_Data extracts_:
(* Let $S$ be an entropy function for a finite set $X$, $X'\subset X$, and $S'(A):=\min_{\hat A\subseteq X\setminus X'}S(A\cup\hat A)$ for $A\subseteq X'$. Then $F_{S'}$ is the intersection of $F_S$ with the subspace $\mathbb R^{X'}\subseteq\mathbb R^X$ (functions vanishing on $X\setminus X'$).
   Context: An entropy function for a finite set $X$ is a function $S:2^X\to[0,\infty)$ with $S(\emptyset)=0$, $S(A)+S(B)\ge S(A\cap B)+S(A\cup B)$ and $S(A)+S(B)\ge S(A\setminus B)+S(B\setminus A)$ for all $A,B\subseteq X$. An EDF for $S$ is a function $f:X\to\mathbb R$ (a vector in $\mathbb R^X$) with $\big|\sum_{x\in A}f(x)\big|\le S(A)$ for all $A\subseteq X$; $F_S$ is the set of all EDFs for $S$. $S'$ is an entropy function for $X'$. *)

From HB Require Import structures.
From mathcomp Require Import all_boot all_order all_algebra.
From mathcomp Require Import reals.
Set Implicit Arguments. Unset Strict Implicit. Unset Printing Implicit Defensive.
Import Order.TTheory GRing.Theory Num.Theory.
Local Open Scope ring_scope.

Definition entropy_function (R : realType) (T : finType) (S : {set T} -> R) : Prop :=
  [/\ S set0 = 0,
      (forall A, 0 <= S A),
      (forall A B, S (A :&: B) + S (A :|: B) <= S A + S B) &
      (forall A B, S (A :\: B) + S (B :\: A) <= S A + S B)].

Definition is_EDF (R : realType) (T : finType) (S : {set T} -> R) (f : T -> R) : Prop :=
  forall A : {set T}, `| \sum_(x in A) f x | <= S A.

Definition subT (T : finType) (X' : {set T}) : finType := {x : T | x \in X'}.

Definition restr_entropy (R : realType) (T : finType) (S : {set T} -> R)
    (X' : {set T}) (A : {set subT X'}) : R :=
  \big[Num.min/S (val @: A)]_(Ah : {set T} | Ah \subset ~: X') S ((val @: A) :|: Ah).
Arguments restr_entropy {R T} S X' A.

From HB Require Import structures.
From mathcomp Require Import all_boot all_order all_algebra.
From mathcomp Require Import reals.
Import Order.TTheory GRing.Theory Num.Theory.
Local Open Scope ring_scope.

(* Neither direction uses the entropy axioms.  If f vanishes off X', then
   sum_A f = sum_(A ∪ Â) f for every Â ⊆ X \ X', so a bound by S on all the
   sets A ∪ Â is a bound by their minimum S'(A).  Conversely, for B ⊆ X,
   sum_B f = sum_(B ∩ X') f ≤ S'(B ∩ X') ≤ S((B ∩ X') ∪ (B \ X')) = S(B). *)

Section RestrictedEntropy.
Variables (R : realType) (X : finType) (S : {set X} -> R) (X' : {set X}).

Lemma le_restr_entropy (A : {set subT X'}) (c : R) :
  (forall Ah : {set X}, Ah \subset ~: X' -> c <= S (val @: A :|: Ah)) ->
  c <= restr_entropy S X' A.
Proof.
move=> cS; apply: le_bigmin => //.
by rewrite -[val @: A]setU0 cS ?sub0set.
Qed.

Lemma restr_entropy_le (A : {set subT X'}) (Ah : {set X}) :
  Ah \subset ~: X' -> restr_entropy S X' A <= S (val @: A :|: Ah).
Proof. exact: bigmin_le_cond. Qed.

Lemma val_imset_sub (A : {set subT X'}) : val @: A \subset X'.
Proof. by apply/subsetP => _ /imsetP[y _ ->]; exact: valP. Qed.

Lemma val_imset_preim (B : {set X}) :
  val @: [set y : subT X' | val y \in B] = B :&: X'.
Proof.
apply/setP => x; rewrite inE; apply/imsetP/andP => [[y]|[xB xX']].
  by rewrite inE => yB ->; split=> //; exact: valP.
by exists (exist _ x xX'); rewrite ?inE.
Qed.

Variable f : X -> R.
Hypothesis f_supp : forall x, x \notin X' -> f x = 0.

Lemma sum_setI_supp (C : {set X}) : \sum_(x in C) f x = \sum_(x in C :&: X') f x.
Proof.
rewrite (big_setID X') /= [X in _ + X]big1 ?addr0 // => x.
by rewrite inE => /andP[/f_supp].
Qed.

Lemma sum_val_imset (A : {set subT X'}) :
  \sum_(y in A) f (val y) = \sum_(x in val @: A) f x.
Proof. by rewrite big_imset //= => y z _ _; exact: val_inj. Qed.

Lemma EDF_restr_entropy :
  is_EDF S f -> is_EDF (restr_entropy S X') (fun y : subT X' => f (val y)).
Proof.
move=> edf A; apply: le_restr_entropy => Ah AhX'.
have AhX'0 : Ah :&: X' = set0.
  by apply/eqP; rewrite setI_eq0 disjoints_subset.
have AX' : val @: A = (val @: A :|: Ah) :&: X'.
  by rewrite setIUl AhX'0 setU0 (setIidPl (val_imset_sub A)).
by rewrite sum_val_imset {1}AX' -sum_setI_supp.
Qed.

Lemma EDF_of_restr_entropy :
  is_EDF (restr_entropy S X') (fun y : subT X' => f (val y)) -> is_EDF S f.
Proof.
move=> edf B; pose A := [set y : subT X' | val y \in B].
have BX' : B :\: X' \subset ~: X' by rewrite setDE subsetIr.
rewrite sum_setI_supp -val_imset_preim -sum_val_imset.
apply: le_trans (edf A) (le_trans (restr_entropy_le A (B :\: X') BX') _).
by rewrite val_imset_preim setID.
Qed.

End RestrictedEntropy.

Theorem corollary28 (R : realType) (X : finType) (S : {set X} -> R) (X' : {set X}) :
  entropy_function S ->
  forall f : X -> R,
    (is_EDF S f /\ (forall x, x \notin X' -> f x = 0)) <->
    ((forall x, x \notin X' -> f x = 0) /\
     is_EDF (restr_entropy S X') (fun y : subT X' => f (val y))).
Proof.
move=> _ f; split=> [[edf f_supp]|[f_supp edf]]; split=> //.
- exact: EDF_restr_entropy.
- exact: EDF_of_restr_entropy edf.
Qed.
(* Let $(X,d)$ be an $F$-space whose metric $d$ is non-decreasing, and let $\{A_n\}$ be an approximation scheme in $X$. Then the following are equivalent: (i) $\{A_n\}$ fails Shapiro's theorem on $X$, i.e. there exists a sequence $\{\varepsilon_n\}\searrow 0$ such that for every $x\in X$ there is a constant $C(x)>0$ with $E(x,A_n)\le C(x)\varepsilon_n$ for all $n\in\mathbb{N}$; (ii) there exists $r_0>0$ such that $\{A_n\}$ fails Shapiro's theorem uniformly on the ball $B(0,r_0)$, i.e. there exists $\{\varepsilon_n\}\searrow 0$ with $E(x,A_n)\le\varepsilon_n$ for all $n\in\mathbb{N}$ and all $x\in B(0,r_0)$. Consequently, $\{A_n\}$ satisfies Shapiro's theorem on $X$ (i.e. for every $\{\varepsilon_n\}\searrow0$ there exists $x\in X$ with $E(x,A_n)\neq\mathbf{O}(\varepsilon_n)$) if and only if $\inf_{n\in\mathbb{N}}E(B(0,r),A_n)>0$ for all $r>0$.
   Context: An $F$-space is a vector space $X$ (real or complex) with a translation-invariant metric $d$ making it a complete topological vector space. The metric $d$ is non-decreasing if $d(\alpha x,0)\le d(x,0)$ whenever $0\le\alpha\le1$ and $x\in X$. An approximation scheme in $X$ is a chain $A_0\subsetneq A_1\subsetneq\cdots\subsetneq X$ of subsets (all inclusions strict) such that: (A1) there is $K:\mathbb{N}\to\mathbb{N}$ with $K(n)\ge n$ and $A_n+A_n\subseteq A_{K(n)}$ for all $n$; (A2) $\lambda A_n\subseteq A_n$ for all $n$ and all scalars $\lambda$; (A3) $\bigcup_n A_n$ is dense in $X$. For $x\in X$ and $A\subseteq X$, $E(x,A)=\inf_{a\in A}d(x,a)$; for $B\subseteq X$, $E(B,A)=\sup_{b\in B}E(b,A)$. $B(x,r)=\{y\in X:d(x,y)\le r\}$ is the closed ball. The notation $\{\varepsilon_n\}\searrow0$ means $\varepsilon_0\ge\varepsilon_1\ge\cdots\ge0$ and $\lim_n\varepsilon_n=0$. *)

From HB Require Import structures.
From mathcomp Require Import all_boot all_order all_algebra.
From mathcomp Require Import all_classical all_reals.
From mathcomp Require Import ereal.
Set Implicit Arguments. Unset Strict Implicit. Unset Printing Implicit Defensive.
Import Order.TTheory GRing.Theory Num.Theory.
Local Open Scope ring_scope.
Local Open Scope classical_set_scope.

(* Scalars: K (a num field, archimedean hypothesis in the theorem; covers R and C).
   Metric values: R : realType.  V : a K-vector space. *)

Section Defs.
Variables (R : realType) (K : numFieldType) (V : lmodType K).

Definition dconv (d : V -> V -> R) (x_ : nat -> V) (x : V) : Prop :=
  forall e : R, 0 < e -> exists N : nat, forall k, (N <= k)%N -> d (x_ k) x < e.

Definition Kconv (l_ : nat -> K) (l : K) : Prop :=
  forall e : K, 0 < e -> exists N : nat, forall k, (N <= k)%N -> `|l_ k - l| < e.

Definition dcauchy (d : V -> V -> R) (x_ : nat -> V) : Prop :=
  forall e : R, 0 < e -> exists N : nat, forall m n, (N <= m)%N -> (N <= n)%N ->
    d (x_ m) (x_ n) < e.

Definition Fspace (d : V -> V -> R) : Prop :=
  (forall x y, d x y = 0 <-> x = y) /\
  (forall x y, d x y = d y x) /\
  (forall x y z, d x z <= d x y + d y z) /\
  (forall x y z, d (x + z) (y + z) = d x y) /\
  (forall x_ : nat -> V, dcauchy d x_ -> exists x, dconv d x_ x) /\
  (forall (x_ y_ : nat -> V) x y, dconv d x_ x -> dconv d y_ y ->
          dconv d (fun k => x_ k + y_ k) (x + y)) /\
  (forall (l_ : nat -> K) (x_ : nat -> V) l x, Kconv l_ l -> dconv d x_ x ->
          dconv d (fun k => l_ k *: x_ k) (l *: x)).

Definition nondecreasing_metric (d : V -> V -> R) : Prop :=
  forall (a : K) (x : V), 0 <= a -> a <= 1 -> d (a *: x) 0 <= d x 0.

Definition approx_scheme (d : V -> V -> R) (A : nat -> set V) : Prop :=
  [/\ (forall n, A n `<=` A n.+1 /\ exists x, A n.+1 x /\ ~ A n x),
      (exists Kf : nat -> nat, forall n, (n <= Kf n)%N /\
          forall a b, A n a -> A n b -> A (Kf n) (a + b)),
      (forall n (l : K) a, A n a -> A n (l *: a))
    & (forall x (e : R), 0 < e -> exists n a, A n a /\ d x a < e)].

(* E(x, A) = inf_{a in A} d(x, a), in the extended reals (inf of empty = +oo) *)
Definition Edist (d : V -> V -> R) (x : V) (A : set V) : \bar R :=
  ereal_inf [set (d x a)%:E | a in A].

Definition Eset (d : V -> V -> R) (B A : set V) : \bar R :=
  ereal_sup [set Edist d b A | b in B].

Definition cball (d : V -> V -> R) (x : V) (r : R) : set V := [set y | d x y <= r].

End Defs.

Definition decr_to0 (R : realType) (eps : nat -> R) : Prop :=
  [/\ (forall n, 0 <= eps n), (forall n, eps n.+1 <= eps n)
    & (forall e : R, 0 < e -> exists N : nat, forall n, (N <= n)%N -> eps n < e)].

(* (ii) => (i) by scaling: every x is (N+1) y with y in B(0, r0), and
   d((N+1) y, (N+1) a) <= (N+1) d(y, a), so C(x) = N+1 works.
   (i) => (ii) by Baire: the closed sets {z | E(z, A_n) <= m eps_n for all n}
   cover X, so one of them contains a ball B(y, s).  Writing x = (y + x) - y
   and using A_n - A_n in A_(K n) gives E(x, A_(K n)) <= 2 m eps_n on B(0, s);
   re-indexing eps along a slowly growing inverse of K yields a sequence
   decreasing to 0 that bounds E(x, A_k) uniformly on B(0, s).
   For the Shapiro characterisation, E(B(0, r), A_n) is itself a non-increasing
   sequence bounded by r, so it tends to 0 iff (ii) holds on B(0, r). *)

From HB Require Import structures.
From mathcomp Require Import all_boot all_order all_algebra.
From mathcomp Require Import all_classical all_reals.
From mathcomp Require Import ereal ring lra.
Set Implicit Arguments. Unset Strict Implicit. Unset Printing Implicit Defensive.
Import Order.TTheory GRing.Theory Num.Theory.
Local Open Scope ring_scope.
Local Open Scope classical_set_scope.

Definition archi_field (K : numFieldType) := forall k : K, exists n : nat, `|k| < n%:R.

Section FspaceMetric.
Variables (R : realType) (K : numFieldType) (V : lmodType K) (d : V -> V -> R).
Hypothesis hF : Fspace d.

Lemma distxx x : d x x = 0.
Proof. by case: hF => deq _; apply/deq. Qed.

_Aim of the task_: An exact copy of the lines above between the line holding "move=> cS; apply: le_bigmin => //." and the line holding "Hypothesis f_supp : forall", inclusive, is the whole answer.

_Reply to the exercise_:
move=> cS; apply: le_bigmin => //.
by rewrite -[val @: A]setU0 cS ?sub0set.
Qed.

Lemma restr_entropy_le (A : {set subT X'}) (Ah : {set X}) :
  Ah \subset ~: X' -> restr_entropy S X' A <= S (val @: A :|: Ah).
Proof. exact: bigmin_le_cond. Qed.

Lemma val_imset_sub (A : {set subT X'}) : val @: A \subset X'.
Proof. by apply/subsetP => _ /imsetP[y _ ->]; exact: valP. Qed.

Lemma val_imset_preim (B : {set X}) :
  val @: [set y : subT X' | val y \in B] = B :&: X'.
Proof.
apply/setP => x; rewrite inE; apply/imsetP/andP => [[y]|[xB xX']].
  by rewrite inE => yB ->; split=> //; exact: valP.
by exists (exist _ x xX'); rewrite ?inE.
Qed.

Variable f : X -> R.
Hypothesis f_supp : forall x, x \notin X' -> f x = 0.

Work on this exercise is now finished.